## [PROBLEM STATEMENT]
Take the data below and extract the lines from the one with "suff chiE g" to the one with "have al_s : [ffun a => beta (g a)] \in s.", inclusive, exactly as written.

[Saved data entries]
########

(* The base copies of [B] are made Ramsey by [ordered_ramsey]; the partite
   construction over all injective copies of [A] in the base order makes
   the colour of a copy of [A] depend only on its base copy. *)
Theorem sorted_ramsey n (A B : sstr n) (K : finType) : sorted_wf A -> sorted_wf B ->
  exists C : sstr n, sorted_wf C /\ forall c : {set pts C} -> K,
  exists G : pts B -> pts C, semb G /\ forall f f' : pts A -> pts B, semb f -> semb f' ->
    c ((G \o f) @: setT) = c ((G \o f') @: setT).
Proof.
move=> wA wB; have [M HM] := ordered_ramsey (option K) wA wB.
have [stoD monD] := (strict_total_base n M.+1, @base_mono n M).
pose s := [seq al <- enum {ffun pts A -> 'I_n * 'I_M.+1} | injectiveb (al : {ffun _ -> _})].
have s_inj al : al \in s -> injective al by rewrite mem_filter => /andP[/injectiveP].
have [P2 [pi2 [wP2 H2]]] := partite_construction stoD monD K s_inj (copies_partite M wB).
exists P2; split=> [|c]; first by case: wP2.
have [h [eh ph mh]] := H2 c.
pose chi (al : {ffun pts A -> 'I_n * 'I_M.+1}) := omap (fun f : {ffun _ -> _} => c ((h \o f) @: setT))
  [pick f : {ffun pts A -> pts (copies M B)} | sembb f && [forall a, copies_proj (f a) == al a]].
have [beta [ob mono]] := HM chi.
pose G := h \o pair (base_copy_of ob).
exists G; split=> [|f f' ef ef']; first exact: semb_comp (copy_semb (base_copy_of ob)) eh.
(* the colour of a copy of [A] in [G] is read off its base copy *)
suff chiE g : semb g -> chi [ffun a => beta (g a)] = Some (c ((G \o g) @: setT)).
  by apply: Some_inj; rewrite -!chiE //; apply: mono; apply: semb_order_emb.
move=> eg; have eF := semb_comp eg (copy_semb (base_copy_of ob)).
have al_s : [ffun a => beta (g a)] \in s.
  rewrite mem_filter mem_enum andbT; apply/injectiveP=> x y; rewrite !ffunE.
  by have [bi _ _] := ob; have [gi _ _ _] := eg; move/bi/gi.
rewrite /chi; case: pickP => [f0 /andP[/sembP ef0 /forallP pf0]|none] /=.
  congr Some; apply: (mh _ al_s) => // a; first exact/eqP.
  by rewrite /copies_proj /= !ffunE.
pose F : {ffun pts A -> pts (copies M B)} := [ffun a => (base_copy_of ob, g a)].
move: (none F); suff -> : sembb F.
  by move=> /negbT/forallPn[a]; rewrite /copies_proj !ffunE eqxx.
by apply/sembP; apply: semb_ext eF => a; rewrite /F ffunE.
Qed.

########

## [PROBLEM SOLUTION]
suff chiE g : semb g -> chi [ffun a => beta (g a)] = Some (c ((G \o g) @: setT)).
  by apply: Some_inj; rewrite -!chiE //; apply: mono; apply: semb_order_emb.
move=> eg; have eF := semb_comp eg (copy_semb (base_copy_of ob)).
have al_s : [ffun a => beta (g a)] \in s.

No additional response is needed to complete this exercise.